>>>

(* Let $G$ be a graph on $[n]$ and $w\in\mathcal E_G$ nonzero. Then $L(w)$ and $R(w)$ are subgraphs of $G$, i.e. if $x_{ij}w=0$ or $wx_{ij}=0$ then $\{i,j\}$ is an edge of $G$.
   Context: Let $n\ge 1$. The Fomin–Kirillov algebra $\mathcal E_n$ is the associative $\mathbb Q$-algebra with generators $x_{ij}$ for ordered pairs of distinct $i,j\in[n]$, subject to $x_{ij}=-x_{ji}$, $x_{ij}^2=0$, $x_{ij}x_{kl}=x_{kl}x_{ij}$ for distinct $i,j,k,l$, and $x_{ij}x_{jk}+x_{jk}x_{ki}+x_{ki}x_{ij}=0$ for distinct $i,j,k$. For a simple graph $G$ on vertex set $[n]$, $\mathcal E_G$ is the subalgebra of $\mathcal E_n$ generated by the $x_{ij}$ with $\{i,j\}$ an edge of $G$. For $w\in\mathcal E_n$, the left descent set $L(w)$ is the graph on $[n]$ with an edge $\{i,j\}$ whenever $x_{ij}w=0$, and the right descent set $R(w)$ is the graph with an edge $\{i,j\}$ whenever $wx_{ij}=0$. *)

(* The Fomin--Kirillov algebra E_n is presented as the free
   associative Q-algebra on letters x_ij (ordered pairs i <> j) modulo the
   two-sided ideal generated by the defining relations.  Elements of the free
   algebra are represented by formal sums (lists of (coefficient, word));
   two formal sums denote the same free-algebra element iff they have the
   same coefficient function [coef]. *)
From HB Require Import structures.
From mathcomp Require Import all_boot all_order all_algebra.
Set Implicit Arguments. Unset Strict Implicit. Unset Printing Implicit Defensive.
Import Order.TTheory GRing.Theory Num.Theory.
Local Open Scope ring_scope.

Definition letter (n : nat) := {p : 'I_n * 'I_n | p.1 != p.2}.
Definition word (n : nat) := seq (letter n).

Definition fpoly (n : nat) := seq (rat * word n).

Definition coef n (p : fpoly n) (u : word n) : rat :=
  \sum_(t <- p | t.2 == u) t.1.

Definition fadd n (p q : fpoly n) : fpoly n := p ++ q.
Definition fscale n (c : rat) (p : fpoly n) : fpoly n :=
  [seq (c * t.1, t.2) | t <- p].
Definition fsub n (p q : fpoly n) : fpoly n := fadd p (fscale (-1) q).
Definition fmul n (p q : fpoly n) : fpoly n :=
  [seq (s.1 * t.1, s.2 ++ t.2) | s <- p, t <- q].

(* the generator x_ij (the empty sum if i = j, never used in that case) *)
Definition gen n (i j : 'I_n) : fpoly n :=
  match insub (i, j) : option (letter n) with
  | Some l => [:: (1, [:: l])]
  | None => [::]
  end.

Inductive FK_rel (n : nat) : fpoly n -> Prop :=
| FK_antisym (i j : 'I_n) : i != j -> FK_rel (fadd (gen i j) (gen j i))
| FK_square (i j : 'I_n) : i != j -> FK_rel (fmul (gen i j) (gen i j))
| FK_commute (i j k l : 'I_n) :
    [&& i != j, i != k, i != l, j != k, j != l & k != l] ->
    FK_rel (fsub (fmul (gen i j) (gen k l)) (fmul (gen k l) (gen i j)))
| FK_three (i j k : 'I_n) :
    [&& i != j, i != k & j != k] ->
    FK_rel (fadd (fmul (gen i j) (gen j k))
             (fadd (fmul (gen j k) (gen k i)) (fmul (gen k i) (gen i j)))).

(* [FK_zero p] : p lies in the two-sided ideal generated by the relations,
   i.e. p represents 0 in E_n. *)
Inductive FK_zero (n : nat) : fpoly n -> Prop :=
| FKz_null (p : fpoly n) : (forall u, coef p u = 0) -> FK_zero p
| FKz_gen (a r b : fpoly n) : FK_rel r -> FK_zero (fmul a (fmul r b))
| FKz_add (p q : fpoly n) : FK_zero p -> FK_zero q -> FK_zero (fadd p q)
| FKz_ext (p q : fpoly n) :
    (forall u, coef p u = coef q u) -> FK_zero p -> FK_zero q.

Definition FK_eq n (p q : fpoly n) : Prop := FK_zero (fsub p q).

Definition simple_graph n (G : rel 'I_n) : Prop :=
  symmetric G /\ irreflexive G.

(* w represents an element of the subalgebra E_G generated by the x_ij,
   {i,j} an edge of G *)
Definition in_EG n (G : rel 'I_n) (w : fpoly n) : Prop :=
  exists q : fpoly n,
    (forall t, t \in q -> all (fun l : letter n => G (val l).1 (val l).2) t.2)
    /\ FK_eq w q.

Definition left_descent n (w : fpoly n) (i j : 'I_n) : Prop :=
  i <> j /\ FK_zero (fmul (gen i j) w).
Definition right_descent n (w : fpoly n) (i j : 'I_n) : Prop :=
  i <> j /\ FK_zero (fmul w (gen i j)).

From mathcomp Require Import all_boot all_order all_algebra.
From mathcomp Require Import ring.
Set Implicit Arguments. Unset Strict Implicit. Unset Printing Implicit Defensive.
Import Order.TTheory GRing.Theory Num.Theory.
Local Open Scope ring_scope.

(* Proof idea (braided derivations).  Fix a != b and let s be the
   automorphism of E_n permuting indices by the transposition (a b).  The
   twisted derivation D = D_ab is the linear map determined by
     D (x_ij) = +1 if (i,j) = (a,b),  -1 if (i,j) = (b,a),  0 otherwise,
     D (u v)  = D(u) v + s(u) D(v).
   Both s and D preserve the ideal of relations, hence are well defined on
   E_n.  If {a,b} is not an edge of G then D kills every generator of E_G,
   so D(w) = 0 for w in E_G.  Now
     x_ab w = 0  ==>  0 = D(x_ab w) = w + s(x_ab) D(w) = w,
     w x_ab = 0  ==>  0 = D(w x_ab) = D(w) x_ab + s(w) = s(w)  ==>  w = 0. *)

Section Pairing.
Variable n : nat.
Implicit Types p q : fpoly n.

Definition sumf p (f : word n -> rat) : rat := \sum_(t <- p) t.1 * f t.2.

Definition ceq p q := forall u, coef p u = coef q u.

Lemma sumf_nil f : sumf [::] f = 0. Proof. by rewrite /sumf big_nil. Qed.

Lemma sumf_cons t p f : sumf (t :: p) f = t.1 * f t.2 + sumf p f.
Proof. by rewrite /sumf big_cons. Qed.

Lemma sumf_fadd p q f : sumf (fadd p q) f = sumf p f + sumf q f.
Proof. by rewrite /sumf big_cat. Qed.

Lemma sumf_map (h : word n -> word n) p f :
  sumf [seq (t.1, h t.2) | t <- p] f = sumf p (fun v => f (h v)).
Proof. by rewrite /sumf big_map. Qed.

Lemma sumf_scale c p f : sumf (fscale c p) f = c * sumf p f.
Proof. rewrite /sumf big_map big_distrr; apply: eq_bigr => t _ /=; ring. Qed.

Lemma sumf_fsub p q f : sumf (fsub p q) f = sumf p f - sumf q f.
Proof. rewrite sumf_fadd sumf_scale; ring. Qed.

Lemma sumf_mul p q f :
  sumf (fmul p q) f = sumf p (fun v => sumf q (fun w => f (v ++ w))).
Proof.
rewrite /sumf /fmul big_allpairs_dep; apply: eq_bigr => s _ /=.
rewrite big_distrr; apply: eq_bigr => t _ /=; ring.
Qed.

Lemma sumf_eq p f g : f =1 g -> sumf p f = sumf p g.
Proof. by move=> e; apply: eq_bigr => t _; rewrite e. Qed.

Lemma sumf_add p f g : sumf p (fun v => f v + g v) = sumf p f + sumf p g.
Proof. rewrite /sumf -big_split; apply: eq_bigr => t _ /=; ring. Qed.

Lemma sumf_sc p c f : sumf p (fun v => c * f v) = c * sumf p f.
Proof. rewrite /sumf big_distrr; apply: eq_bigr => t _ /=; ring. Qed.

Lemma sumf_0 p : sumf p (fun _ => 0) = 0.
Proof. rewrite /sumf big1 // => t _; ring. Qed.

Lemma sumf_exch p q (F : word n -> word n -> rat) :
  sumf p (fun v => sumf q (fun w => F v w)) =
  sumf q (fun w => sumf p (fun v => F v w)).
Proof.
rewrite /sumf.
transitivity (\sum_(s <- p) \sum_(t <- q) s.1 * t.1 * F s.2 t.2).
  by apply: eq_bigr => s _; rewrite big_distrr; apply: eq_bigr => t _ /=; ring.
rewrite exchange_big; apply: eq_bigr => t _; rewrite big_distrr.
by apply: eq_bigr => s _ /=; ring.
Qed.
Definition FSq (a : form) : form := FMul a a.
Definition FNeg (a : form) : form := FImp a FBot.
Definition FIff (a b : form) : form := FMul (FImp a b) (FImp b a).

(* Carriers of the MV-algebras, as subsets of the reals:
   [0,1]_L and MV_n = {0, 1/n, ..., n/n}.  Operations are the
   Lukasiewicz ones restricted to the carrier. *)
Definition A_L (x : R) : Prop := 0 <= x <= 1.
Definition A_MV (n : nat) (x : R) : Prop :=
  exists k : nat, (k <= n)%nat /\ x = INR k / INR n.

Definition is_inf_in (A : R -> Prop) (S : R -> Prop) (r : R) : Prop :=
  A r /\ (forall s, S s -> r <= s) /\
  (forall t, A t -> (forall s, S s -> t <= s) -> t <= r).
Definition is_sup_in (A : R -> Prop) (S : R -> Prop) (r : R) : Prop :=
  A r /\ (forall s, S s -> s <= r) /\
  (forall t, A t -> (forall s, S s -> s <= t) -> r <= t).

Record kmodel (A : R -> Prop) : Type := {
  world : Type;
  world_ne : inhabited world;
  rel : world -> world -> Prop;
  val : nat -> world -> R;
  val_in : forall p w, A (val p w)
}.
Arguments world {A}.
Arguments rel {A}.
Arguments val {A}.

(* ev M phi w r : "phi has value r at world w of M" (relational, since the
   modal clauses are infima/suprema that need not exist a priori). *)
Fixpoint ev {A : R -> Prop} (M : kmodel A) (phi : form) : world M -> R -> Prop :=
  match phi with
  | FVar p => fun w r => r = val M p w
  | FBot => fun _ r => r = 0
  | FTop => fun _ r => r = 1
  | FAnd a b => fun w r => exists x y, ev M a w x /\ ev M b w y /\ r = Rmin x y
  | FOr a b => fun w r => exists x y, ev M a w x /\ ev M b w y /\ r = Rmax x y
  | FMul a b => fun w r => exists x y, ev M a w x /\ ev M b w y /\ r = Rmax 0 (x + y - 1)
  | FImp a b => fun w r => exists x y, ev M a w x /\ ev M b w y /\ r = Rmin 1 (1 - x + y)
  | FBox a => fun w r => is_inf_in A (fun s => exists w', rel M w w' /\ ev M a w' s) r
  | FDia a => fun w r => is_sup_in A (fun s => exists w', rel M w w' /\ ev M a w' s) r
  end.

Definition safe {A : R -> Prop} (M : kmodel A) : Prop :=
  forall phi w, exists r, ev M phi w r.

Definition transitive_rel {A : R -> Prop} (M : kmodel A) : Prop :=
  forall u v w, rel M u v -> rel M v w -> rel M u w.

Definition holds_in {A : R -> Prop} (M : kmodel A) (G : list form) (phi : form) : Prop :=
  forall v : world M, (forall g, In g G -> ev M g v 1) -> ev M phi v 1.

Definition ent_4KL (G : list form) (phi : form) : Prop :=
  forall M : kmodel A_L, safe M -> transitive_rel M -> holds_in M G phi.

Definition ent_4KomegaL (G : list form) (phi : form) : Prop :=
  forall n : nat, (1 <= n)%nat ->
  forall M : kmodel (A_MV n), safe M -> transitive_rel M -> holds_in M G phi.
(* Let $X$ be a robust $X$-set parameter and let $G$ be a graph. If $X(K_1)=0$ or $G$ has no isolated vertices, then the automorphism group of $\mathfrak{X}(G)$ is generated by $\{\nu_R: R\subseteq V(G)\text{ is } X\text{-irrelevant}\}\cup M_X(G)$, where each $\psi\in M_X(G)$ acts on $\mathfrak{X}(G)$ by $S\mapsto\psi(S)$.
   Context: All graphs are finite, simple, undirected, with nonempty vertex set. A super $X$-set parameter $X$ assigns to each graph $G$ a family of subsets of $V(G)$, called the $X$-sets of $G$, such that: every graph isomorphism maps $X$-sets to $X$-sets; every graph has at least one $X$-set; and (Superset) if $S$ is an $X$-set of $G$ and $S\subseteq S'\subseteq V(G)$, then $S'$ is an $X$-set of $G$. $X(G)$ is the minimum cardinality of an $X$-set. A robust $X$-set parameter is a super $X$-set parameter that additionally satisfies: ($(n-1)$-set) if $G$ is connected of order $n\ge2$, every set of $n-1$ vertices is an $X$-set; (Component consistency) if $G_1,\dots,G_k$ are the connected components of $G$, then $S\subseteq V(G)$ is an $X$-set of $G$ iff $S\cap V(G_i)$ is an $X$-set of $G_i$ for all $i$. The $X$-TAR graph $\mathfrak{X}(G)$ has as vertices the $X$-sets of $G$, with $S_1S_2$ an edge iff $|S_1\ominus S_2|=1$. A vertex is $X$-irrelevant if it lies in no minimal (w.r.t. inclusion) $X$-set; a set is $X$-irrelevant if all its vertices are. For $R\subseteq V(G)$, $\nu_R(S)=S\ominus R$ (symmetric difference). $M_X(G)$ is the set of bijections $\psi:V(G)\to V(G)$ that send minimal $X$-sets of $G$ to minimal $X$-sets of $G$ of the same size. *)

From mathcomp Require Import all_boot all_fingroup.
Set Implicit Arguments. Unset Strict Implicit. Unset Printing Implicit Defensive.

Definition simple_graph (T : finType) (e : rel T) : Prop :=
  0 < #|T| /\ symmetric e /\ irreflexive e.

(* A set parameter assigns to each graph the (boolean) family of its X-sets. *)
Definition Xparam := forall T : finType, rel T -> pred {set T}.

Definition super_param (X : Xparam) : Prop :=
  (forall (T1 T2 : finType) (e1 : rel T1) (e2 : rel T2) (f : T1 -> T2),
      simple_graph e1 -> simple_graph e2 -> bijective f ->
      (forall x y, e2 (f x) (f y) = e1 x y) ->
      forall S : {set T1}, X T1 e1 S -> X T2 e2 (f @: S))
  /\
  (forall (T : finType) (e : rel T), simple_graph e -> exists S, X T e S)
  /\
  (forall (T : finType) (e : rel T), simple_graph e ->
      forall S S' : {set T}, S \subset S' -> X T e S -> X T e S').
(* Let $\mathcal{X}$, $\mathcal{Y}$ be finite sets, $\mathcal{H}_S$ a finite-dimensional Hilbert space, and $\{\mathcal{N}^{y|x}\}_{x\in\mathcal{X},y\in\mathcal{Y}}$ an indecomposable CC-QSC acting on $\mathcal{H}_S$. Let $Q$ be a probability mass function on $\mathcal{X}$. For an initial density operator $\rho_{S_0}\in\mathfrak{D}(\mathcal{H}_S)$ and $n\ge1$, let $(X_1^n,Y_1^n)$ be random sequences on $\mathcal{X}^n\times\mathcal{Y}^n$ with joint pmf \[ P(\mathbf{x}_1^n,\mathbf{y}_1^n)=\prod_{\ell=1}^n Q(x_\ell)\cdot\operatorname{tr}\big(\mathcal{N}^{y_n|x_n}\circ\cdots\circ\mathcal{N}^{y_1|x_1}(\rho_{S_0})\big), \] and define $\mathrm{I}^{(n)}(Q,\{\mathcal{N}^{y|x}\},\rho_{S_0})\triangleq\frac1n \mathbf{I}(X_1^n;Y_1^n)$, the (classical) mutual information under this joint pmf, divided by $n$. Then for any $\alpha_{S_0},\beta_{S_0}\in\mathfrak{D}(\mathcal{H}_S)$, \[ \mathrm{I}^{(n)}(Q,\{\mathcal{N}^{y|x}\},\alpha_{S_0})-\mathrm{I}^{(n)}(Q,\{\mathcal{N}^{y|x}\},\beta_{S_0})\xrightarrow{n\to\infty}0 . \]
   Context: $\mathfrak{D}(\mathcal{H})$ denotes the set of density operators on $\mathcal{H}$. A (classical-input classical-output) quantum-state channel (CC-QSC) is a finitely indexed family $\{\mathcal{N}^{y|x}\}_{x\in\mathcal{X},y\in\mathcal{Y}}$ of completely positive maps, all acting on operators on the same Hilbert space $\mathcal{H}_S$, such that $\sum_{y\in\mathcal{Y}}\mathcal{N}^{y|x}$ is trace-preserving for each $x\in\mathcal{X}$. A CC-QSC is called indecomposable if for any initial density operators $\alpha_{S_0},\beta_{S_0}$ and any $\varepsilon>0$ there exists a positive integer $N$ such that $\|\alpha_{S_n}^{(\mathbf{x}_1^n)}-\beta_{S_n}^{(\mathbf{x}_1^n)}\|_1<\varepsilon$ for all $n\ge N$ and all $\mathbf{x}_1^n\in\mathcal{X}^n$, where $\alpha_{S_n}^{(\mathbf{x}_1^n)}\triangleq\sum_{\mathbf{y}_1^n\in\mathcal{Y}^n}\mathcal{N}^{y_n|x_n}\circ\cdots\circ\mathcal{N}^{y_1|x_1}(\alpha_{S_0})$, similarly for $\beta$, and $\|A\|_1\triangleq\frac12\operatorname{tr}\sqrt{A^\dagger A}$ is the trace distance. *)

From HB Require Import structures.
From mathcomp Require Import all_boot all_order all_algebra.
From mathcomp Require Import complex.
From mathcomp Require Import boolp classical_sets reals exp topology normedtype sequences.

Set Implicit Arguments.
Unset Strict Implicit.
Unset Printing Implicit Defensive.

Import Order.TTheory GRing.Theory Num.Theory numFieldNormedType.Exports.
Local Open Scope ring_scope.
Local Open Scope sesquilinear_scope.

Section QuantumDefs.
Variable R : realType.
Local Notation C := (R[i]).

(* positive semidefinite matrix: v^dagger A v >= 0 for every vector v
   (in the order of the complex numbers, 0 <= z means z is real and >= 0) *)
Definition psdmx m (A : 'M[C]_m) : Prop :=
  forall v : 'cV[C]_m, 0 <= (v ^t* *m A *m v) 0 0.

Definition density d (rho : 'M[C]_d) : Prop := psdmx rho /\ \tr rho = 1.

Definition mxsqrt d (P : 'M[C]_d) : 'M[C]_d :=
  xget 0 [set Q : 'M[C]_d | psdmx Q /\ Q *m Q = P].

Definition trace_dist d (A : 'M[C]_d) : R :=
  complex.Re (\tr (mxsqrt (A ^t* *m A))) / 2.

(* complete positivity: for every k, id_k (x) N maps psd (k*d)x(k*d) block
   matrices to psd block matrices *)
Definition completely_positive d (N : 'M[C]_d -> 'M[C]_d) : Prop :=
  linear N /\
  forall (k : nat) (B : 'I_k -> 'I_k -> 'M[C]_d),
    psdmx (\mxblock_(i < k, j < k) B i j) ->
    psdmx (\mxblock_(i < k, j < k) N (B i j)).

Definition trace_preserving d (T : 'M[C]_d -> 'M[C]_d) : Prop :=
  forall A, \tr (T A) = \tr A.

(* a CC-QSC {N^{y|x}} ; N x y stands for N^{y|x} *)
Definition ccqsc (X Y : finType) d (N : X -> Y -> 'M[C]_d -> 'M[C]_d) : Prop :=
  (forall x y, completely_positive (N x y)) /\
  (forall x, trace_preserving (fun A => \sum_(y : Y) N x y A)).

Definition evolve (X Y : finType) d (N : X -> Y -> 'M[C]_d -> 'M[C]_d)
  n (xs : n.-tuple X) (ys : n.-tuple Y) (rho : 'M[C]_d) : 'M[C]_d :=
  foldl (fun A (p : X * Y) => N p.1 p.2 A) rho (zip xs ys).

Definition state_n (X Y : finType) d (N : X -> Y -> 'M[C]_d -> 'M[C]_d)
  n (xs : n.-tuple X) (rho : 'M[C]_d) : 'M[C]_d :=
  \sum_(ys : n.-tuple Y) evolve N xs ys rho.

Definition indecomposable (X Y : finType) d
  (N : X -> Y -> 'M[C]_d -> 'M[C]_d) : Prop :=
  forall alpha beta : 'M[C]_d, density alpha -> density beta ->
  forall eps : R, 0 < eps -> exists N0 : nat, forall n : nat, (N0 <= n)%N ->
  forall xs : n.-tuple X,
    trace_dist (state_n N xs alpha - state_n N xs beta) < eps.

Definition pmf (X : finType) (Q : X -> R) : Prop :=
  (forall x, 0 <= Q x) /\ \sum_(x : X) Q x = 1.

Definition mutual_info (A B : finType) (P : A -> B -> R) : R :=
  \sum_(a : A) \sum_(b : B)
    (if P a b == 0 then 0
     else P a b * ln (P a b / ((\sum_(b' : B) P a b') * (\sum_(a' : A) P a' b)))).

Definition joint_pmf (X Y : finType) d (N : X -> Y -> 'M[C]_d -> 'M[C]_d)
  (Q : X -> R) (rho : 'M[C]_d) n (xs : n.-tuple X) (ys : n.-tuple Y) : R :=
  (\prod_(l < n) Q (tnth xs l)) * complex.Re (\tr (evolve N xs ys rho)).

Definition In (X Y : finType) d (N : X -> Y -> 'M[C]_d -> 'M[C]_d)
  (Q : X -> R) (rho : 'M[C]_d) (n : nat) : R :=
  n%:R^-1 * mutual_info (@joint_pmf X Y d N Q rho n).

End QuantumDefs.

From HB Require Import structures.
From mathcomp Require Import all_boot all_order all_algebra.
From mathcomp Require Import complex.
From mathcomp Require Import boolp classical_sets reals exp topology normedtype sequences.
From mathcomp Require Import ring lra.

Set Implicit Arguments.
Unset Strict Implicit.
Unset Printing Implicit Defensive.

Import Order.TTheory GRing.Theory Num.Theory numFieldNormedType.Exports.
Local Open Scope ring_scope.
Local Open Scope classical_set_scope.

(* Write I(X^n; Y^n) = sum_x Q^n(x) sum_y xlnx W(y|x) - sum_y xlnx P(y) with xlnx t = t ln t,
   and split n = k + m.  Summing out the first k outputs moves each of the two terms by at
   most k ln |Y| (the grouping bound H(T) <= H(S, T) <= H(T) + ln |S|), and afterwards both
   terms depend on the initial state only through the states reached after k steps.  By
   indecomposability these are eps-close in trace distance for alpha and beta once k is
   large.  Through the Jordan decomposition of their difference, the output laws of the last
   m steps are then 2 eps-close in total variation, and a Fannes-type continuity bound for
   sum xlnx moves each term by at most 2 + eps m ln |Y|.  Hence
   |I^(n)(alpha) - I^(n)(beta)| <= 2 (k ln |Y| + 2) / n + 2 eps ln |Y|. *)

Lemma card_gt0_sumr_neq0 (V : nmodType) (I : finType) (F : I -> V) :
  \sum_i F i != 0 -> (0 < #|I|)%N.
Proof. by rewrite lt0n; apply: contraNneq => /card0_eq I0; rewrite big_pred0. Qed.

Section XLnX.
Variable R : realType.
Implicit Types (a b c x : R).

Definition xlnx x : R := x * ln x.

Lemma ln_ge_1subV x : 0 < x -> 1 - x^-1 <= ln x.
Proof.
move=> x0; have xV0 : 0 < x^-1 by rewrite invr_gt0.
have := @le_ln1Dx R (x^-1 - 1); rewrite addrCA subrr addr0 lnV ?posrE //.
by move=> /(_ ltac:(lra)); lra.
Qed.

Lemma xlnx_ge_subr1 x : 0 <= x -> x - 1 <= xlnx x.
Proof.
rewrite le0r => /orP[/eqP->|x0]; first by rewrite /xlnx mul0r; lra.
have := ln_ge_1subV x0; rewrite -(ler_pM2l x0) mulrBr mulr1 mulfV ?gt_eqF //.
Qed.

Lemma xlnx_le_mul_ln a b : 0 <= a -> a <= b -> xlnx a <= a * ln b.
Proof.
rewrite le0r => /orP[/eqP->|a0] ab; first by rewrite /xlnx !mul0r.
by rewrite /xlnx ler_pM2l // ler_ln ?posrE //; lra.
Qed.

<<<

DIRECTIONS FOR THIS TASK: From the records above, repeat exactly the lines from the one with "Lemma sumf_scale c" through the one with "transitivity (\sum_(s <- p)", both included.

EXERCISE SOLUTION:
Lemma sumf_scale c p f : sumf (fscale c p) f = c * sumf p f.
Proof. rewrite /sumf big_map big_distrr; apply: eq_bigr => t _ /=; ring. Qed.

Lemma sumf_fsub p q f : sumf (fsub p q) f = sumf p f - sumf q f.
Proof. rewrite sumf_fadd sumf_scale; ring. Qed.

Lemma sumf_mul p q f :
  sumf (fmul p q) f = sumf p (fun v => sumf q (fun w => f (v ++ w))).
Proof.
rewrite /sumf /fmul big_allpairs_dep; apply: eq_bigr => s _ /=.
rewrite big_distrr; apply: eq_bigr => t _ /=; ring.
Qed.

Lemma sumf_eq p f g : f =1 g -> sumf p f = sumf p g.
Proof. by move=> e; apply: eq_bigr => t _; rewrite e. Qed.

Lemma sumf_add p f g : sumf p (fun v => f v + g v) = sumf p f + sumf p g.
Proof. rewrite /sumf -big_split; apply: eq_bigr => t _ /=; ring. Qed.

Lemma sumf_sc p c f : sumf p (fun v => c * f v) = c * sumf p f.
Proof. rewrite /sumf big_distrr; apply: eq_bigr => t _ /=; ring. Qed.

Lemma sumf_0 p : sumf p (fun _ => 0) = 0.
Proof. rewrite /sumf big1 // => t _; ring. Qed.

Lemma sumf_exch p q (F : word n -> word n -> rat) :
  sumf p (fun v => sumf q (fun w => F v w)) =
  sumf q (fun w => sumf p (fun v => F v w)).
Proof.
rewrite /sumf.
transitivity (\sum_(s <- p) \sum_(t <- q) s.1 * t.1 * F s.2 t.2).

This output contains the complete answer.